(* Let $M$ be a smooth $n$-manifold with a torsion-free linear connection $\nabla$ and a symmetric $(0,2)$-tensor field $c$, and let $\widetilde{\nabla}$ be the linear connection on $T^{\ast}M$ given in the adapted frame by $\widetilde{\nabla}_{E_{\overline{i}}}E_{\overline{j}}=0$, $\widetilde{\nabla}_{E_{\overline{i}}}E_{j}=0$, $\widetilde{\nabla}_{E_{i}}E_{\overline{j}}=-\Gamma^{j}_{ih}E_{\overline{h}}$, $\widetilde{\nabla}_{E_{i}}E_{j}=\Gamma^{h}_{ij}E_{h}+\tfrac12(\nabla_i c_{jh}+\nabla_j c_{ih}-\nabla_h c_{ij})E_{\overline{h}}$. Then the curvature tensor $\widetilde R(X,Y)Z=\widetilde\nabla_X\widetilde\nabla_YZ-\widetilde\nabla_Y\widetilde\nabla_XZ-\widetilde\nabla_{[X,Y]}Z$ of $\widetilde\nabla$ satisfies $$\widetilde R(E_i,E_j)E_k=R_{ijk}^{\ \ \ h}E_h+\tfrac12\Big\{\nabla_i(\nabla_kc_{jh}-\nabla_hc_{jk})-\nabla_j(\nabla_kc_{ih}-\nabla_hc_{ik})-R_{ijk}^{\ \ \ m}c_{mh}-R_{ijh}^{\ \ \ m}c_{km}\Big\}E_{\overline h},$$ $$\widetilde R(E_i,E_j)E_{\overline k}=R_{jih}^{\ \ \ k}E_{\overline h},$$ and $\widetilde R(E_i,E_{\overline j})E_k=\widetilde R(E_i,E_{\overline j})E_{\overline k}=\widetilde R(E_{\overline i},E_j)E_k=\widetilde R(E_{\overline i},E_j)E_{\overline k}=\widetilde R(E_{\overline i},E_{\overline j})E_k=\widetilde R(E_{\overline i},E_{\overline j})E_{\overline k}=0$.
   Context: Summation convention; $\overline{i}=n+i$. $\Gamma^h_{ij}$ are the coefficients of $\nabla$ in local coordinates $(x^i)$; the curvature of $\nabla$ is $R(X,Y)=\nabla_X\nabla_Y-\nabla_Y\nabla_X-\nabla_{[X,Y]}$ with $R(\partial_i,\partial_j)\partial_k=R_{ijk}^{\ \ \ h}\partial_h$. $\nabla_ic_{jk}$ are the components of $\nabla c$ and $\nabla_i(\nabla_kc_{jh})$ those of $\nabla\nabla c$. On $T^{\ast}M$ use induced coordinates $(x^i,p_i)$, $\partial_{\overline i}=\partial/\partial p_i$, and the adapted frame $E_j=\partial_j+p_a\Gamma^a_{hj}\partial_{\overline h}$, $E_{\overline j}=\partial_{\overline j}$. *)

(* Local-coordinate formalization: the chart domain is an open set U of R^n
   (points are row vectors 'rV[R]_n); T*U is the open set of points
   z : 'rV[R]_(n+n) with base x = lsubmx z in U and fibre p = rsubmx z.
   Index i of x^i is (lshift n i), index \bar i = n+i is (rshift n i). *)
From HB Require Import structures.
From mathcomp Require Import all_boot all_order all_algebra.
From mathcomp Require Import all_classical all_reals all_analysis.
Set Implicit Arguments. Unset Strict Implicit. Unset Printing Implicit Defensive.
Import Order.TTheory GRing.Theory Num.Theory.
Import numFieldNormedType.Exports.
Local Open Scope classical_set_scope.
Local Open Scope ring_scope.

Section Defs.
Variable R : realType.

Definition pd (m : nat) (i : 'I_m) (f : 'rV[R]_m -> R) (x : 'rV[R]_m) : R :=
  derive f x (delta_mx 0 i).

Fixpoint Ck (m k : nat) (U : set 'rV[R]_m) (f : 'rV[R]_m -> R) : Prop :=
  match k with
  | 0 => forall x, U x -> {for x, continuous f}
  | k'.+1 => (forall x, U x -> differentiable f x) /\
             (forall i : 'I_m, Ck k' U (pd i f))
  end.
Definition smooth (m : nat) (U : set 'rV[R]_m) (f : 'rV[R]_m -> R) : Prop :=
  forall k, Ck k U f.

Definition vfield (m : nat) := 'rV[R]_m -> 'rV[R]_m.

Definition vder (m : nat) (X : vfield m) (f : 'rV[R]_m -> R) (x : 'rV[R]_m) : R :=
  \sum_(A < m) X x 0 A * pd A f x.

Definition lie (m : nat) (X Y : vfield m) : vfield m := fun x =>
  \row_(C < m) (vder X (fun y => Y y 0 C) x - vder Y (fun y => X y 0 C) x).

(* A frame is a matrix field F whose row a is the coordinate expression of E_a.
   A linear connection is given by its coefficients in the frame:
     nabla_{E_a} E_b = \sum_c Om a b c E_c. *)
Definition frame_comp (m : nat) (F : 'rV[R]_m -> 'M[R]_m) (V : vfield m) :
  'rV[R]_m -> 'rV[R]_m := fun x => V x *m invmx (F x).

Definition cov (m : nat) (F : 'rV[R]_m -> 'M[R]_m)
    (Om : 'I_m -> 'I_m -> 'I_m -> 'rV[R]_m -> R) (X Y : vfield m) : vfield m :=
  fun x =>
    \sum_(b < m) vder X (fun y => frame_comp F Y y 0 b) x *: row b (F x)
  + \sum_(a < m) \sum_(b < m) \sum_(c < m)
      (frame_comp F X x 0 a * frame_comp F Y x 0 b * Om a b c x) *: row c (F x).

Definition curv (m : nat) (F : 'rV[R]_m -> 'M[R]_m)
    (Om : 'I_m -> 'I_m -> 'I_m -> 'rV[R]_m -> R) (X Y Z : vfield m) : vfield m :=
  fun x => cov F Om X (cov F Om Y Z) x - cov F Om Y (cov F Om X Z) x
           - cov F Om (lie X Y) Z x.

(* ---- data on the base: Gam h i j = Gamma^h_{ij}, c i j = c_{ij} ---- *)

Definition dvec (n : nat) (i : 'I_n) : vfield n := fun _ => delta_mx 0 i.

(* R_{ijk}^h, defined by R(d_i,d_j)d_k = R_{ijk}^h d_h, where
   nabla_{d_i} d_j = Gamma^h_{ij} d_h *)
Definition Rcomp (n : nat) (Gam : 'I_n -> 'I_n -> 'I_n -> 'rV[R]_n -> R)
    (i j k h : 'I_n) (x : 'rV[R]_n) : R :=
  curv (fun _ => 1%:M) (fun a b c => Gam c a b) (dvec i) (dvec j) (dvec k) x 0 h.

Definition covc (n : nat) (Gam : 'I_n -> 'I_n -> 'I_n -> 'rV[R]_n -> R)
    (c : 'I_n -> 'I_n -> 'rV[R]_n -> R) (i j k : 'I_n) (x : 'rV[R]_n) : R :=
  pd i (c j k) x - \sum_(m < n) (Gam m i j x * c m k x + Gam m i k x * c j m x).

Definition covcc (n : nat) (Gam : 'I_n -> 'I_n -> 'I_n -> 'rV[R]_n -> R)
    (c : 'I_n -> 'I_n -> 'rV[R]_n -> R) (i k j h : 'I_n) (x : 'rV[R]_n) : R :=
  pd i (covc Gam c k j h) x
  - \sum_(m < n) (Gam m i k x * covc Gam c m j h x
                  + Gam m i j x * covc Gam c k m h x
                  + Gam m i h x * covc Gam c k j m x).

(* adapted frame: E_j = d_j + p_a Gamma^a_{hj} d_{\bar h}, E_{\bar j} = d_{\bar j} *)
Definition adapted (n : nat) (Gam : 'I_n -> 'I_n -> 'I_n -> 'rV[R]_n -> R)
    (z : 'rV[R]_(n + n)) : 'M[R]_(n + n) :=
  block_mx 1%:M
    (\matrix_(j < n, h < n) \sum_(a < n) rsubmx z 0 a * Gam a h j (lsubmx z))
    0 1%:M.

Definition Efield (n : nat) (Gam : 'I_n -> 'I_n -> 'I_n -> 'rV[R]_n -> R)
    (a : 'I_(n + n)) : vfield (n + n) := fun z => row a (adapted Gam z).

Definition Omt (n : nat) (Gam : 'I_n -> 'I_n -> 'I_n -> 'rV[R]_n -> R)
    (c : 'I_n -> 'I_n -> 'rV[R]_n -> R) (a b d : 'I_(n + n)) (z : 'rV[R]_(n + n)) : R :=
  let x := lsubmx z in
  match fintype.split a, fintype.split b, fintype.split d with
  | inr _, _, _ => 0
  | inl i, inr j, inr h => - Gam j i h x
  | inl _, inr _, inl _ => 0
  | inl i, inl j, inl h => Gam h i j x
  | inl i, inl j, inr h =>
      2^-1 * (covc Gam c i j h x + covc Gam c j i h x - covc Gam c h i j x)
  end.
---
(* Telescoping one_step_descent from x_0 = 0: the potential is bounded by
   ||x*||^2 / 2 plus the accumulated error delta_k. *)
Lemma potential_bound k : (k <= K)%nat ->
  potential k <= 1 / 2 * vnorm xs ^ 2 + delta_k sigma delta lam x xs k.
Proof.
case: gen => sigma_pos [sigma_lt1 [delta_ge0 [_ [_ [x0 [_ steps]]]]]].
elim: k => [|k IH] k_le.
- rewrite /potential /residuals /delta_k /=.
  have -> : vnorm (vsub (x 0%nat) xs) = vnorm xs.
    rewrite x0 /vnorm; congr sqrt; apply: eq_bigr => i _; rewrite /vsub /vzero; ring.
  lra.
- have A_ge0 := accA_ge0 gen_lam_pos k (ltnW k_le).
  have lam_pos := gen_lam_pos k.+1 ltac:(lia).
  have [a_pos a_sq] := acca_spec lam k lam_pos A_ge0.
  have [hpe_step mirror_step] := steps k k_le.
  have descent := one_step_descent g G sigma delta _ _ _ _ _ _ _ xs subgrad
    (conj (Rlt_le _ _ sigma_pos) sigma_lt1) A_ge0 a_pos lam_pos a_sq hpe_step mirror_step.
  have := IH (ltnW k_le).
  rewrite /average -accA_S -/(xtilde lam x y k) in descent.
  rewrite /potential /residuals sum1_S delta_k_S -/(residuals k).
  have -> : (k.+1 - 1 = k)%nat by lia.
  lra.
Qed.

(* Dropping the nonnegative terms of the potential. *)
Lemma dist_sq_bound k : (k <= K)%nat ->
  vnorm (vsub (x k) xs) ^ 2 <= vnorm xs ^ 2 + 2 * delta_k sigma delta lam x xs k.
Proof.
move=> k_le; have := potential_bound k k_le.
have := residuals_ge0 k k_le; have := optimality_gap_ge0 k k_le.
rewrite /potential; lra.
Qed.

**Assigned task:**
Reproduce exactly the stretch of the material above that starts at the line with "- \sum_(m < n) (Gam m i k" and ends at the line with "(\matrix_(j < n, h", both included, and nothing else.

**Written answer:**
  - \sum_(m < n) (Gam m i k x * covc Gam c m j h x
                  + Gam m i j x * covc Gam c k m h x
                  + Gam m i h x * covc Gam c k j m x).

(* adapted frame: E_j = d_j + p_a Gamma^a_{hj} d_{\bar h}, E_{\bar j} = d_{\bar j} *)
Definition adapted (n : nat) (Gam : 'I_n -> 'I_n -> 'I_n -> 'rV[R]_n -> R)
    (z : 'rV[R]_(n + n)) : 'M[R]_(n + n) :=
  block_mx 1%:M
    (\matrix_(j < n, h < n) \sum_(a < n) rsubmx z 0 a * Gam a h j (lsubmx z))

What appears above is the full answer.